Hi ApprehensiveSeahorse83 , today we released clearml-agent
chart that just installs glue agent. My suggestion is to disable k8s glue and any other agent from the clearml
chart and install more than one clearml-agent
chart in different namespaces. In this way you will be able to have k8s glue for every queue (cpu and gpu).
but the system account key and secret can’t be the same for every installation, no? i need to generate specific one for my installation, no?

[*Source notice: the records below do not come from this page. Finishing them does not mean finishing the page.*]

(** For [x = \sum_i l_i a_i] in [conv A], averaging the Fenchel-Young inequalities
    [bf c a_i <= PhiA c + q a_i] gives [bf c x - PhiA c <= \sum_i l_i q a_i] for every [c],
    so [PhiA^@ x] is finite.

    Conversely, if [PhiA^@ b <= M], testing at [c = a0 + lam e] with [lam] large and using
    [q (a - a0) >= 0] shows that for every direction [e] and [eta > 0] some [a] in [A]
    satisfies [bf a e >= bf b e - eta]: no functional separates [b] from [A].  A basic
    [w(B,B)]-neighbourhood of [b] is cut out by finitely many [bf _ c_j]; in the image
    [R^m] of [x |-> (bf x c_j)_j], the point of the closure of the image of [conv A]
    nearest to the image of [b] must be that image itself, since otherwise the nearest-point
    inequality would give a separating functional. *)

Section Bilinear.
Variables (R : realType) (B : lmodType R) (bf : B -> B -> R).
Hypothesis hbf : symmetric_bilinear bf.

Lemma bfC x y : bf x y = bf y x.
Proof. exact: (proj1 hbf). Qed.

Lemma bfDl x y z : bf (x + y) z = bf x z + bf y z.
Proof. by have := (proj2 hbf) 1 x y z; rewrite scale1r mul1r. Qed.

Lemma bf0l z : bf 0 z = 0.
Proof. by have /eqP := bfDl 0 0 z; rewrite addr0 -subr_eq subrr eq_sym => /eqP. Qed.

Lemma bfZl a x z : bf (a *: x) z = a * bf x z.
Proof. by have := (proj2 hbf) a x 0 z; rewrite addr0 bf0l addr0. Qed.

Lemma bfNl x z : bf (- x) z = - bf x z.
Proof. by rewrite -scaleN1r bfZl mulN1r. Qed.

Lemma bfBl x y z : bf (x - y) z = bf x z - bf y z.
Proof. by rewrite bfDl bfNl. Qed.

Lemma bfDr x y z : bf z (x + y) = bf z x + bf z y.
Proof. by rewrite !(bfC z) bfDl. Qed.

Lemma bfZr a x z : bf z (a *: x) = a * bf z x.
Proof. by rewrite !(bfC z) bfZl. Qed.

Lemma bfBr x y z : bf z (x - y) = bf z x - bf z y.
Proof. by rewrite !(bfC z) bfBl. Qed.

Lemma bf_sumr n (l : 'I_n -> R) (a : 'I_n -> B) z :
  bf z (\sum_(i < n) l i *: a i) = \sum_(i < n) l i * bf z (a i).
Proof.
elim: n l a => [|n IH] l a; first by rewrite !big_ord0 bfC bf0l.
by rewrite !big_ord_recr /= bfDr IH bfZr.
Qed.

Lemma qfB x y : qf bf (x - y) = qf bf x - bf x y + qf bf y.
Proof. by rewrite /qf bfBl !bfBr (bfC y x); field. Qed.

End Bilinear.

Section ConjugateDomain.
Variables (R : realType) (B : lmodType R) (bf : B -> B -> R).
Hypothesis hbf : symmetric_bilinear bf.

Lemma conv_hull_self (A : set B) a : A a -> conv_hull A a.
Proof.
by move=> Aa; exists 1%N, (fun=> a), (fun=> 1); rewrite !big_ord1 scale1r.
Qed.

if they are in kubernetes you can simply use k8s glue
In this case I suggest to give a try to k8s-glue that is there by default in latest chart version
For now we used a workaround and forked the helm charts repo and we changed in the agents deployment.yaml, instead of taking the key and secret from the clearml-conf secret we take them from another secret we created so the server does not “know” about this new key and secret and does not reset them
for now we used fixed number of cpu agents but it will be better if it was dynamic with glue agent
we already using glue to manage our gpu pods. The agents we use for the pipelines are simple cpu agent.
but I will try to find something good for you
can we use multiple k8s-glue - one for cpu and one for gpu pods?
regardless of this I probably need to add some more detailed explanations on credentials configs
not urgent after we used the workaround
O k, I’d like to test it more with you; credentials exposed in chart values are system ones and it’s better to not change them; let’s forget about them for now. If you create a new accesskey/secretkey pair in ui, you should use these ones in your agents and they shuld not get overwritten in any way; can you confirm it works without touching credentials
section?
Not sure I understand, you are saying I should not create user credentials and add them in values.yaml at secret.credentials.apiserver and secret.credentials.tests. ?
since the gpu is expensive we want the glue to manage the pods
and then use them in agents if they are external
still need time because I have two very busy days